The first year of a child's life is a battle. A war that has been going on since we were all covered in hair and living in caves (thousands of years ago or last summer depending on the family). A war between this demanding, cooing, self-centered, giggling beast/baby and its sacrificing, loving, doting parents. And the first casualty of this war is sleep.
Tiny Bits is our third child, so this is no surprise. We've seen his every trick to deprive us of sleep with our first two kids: refusing to go to sleep, waking up early for no reason, the utter lack of any kind of sleep schedule, just to name a few of the more popular ones. Some mornings he seems to say, "Hey, just because I just woke up doesn't mean I don't need to go back to sleep for three more hours," or the next day he'll giggle, "Silly Daddy, just because I've not slept all day doesn't mean I need a nap. It's Drooly Laugh-Fest 2010 time! Now, get with the funny, old man!"
I got back into the sleep defensive pretty quickly after he was born. I could fall asleep on a moment's notice, anywhere, for I knew the 20 minutes I got passed out on the couch might be the difference between me making it through the night with my sanity intact and having a psychotic episode at 3 in the morning. And getting enough sleep wasn't the only thing I had to watch out for; how I fell asleep was almost important as the sleep itself. My body, afraid shifting in bed might wake me, would do a great impression of the dead the moment I passed out. I knew falling asleep with my arms underneath me or my neck at a weird angle would mean I could wake up with two arms or a neck that would not move. It's hard to pick up a crying child with hunks of meat that used to be your arms hanging from your shoulders.
Months and months of little or no sleep, at most three hours in a row, had taken its toll on my wife and me. I find myself feeling sleep deprivation isn't just torture but the greatest crime one can perpetrate against fellow man.
Which is why the other day was so terrifying.
The moment my eyes opened I knew something was wrong. I pulled my face from the pillow, glued there by a pool of drool a bulldog would be proud of, and looked around the room. Something was strange ... I could see colors and definite shapes. The light streaming in from the window was not the orange glow from the lights in the alley I was so used to but something resembling daylight. Could it be?
I grabbed my glasses and stumbled to the window. Lo and behold, there was the sun, climbing over my neighbors' homes and spreading its light and warmth to the world. Shrouded in the constant smoke leaking from the Busch brewery, it announced to all that a new day had come. A beautiful sight; so why was I terrified? I was well-rested but sore, as if I had been lying in the same position for many hours. Then I knew it: the baby. The baby had not made a sound all night and there was only one explanation for that: Our baby was dead.
I rushed to the children's room, sure our little one would be cold and blue. I sprang to the crib to find him curled into a ball, diapered butt high in the sky. So, I thought, he died as he lived: cutely. I picked him up, holding my little one in my arms for the last time.

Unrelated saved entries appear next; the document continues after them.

Lemma eval_bot : eval_agrees Tbot /\ eval_fin_if_last_Om Tbot.
Proof.
  split.
  - intros a H. simpl. unfold wbot.
    assert (HL : d (Last Tbot) = Fin 0) by (apply (HL2 a); eauto using D_last).
    rewrite (proj1 (HS5 Tbot a H (D_arg _ _ H) (D_last _ _ H) (D_app_last _ _ H)))
      by (rewrite HL; apply oble_0).
    symmetry. apply HS2; eauto using D_last, D_app_last.
  - intros a H HL n. discriminate.
Qed.

Lemma eval_comp t u : eval_agrees t -> eval_fin_if_last_Om t ->
  eval_agrees u -> eval_fin_if_last_Om u ->
  eval_agrees (Comp t u) /\ eval_fin_if_last_Om (Comp t u).
Proof.
  intros Ht Htf Hu Huf. split.
  - intros a H. simpl. unfold wcomp.
    assert (H1 : D (App t (App u a))) by step_from H.
    assert (H2 : D (App u a)) by (apply (D_arg t), H1).
    rewrite (Hu a H2), (Ht _ H1). symmetry. apply HL3; auto.
  - intros a H HL n. simpl. unfold wcomp.
    assert (H0 : D (App (Comp t u) (Last (Comp t u)))) by step_from H.
    assert (H1 : D (App t (App u (Last (Comp t u))))) by step_from H0.
    assert (H2 : D (App u (Last (Comp t u)))) by (apply (D_arg t), H1).
    destruct (HL4 t u H0 (D_last _ _ H0) (D_last _ _ H1) (D_last _ _ H2) HL)
      as [HLt HLu].
    destruct (eval V u (Fin n)) as [m|] eqn:E.
    + apply (Htf _ H1 HLt).
    + exfalso. apply (Huf _ H2 HLu n E).
Qed.

Lemma eval_TO_Fin t a : eval_agrees t -> D (App (TO t) a) -> oblt (d a) Om ->
  eval V (TO t) (d a) = d (App (TO t) a).
Proof.
  intros Ht H Ha. destruct (oblt_Om_Fin _ Ha) as [n En]. simpl. rewrite En.
  apply (wo_Fin_eq _ (eval_V_warp t)); [apply HO1, H|].
  assert (H1 : D (App t a)) by step_from H.
  rewrite <- En, (Ht a H1). apply HO2; eauto using D_arg.
Qed.

Lemma eval_o t : eval_agrees t -> eval_fin_if_last_Om t ->
  eval_agrees (TO t) /\ eval_fin_if_last_Om (TO t).
Proof.
  intros Ht Htf. assert (Hf := eval_V_warp t). split.
  - intros a H. destruct (ob_Fin_or_Om (d a)) as [[n Ea] | Ea];
      [apply eval_TO_Fin; auto; rewrite Ea; apply oblt_Fin_Om|].
    assert (Hl : D (App (TO t) (Last (TO t)))) by step_from H.
    assert (H1 : D (App t a)) by step_from H.
    pose proof (eval_TO_Fin t _ Ht Hl (HO3 t (D_last _ _ H))) as Elast.
    simpl in Elast |- *. rewrite Ea, (app_eq_app_last _ _ H Ea), <- Elast.
    apply (wo_Om_eq _ Hf). intros Hz n Hn.
    destruct (ob_Fin_or_Om (d (Last t))) as [[l HL] | HL]; [|exact (Htf a H1 HL n Hn)].
    assert (Hlt : oblt (d (App t (Last t))) Om).
    { apply (HO4 t (Last t)); eauto using D_app_last, D_last.
      - rewrite <- Elast, Hz. apply oblt_Fin_Om.
      - rewrite HL. apply oblt_Fin_Om. }
    rewrite <- (app_eq_app_last _ _ H1 Ea), <- (Ht _ H1), Ea in Hlt.
    destruct Hlt as [_ C]. apply C, (warp_Om_of_eq_Om _ Hf _ Hn).
  - intros a H HL. exfalso. destruct (HO3 t (D_last _ _ H)) as [_ C]. exact (C HL).
Qed.

Lemma eval_TR_Fin t a : eval_agrees t -> D (App (TR t) a) -> oblt (d a) Om ->
  eval V (TR t) (d a) = d (App (TR t) a).
Proof.
  intros Ht H Ha. assert (Hf := eval_V_warp t). simpl.
  assert (H1 : D (App t (App (TR t) a))) by step_from H.
  assert (H2 : D (App t (Sc (App (TR t) a)))) by step_from H.
  destruct (oblt_Om_Fin _ Ha) as [[|p] Ea]; rewrite Ea.
  - rewrite (warp_0 _ (wr_warp _ Hf)). symmetry. apply HS2; eauto using D_arg.
  - apply (wr_Fin_eq _ Hf).
    + rewrite (Ht _ H1), <- Ea. apply HR1; eauto using D_arg.
    + intros Hlt. rewrite <- (HS4 _ (D_arg _ _ H2) H), (Ht _ H2), <- Ea.
      apply HR2; eauto using D_arg. rewrite Ea. apply oblt_nle; simpl; lia.
Qed.

Lemma last_TR_Om t a : D (App (TR t) a) -> d (Last (TR t)) = Om -> d (Last t) = Om.
Proof.
  intros H. assert (H1 : D (App t (App (TR t) a))) by step_from H.
  apply HR3; eauto using D_last, D_app_last.
Qed.

Lemma eval_r t : eval_agrees t -> eval_fin_if_last_Om t ->
  eval_agrees (TR t) /\ eval_fin_if_last_Om (TR t).
Proof.
  intros Ht Htf. assert (Hf := eval_V_warp t). split.
  - intros a H. destruct (ob_Fin_or_Om (d a)) as [[n Ea] | Ea];
      [apply eval_TR_Fin; auto; rewrite Ea; apply oblt_Fin_Om|].
    assert (Hl : D (App (TR t) (Last (TR t)))) by step_from H.
    simpl. rewrite Ea, (app_eq_app_last _ _ H Ea).
    destruct (ob_Fin_or_Om (d (Last (TR t)))) as [[m Em] | Em].
    + assert (Elast : wr (eval V t) (d (Last (TR t))) = d (App (TR t) (Last (TR t))))
        by (apply (eval_TR_Fin t _ Ht Hl); rewrite Em; apply oblt_Fin_Om).
      rewrite <- Elast. apply (wr_Om_eq _ Hf). intros Hlt.
      assert (H4 : D (App t (Sc (App (TR t) (Last (TR t)))))) by step_from Hl.
      rewrite Elast in *.
      rewrite <- (HS4 _ (D_arg _ _ H4) Hl), (Ht _ H4). apply HR4; auto.
    + assert (H1 : D (App t (App (TR t) a))) by step_from H.
      rewrite (HS6 _ (D_last _ _ H) Hl Em). apply (wr_Om_of_fin _ Hf).
      apply (Htf _ H1), (last_TR_Om t a H Em).
  - intros a H HL n. simpl. apply (wr_Fin_not_Om _ Hf).
    assert (H1 : D (App t (App (TR t) a))) by step_from H.
    apply (eval_Om_if_last_Om t _ Ht H1), (last_TR_Om t a H HL).
Qed.

Lemma eval_TL_Fin t a : eval_agrees t -> D (App (TL t) a) -> oblt (d a) Om ->
  eval V (TL t) (d a) = d (App (TL t) a).
Proof.
  intros Ht H Ha. assert (Hf := eval_V_warp t). simpl.
  assert (H1 : D (App t (App (TL t) a))) by step_from H.
  assert (H2 : D (App t (Pr (App (TL t) a)))) by step_from H.
  destruct (oblt_Om_Fin _ Ha) as [[|p] Ea]; rewrite Ea.
  - rewrite (warp_0 _ (wl_warp _)). symmetry. apply HS2; eauto using D_arg.
  - assert (Hpos : oblt (Fin 0) (d a)) by (rewrite Ea; apply oblt_nle; simpl; lia).
    apply (wl_Fin_eq _ Hf); rewrite <- Ea.
    + intros Hlt. rewrite (Ht _ H1). apply HLa1; eauto using D_arg.
    + intros Hlt. rewrite <- (HS3 _ (D_arg _ _ H2) H), (Ht _ H2).
      apply HLa2; eauto using D_arg.
    + intros HOm. rewrite <- HOm at 1. rewrite (Ht _ H1).
      apply HLa3; eauto using D_arg.
Qed.

Lemma last_TL_Om t a : D (App (TL t) a) -> d (Last (TL t)) = Om -> d (Last t) = Om.
Proof.
  intros H. assert (H1 : D (App t (App (TL t) a))) by step_from H.
  apply HLa4; eauto using D_last, D_app_last.
Qed.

And miracles of miracles, he started to squirm and then to wail! He had slept through the night and not died even a little bit. He was hungry, yes, and willing to tell the world all about it, but soon he was in his mother's arms, nursing and feeling all the world was a perfect place. My wife and I looked at each other and smiled, our 10-month struggle was at an end.
And just to prove children make a liar of you from day one, the next night he woke up five times.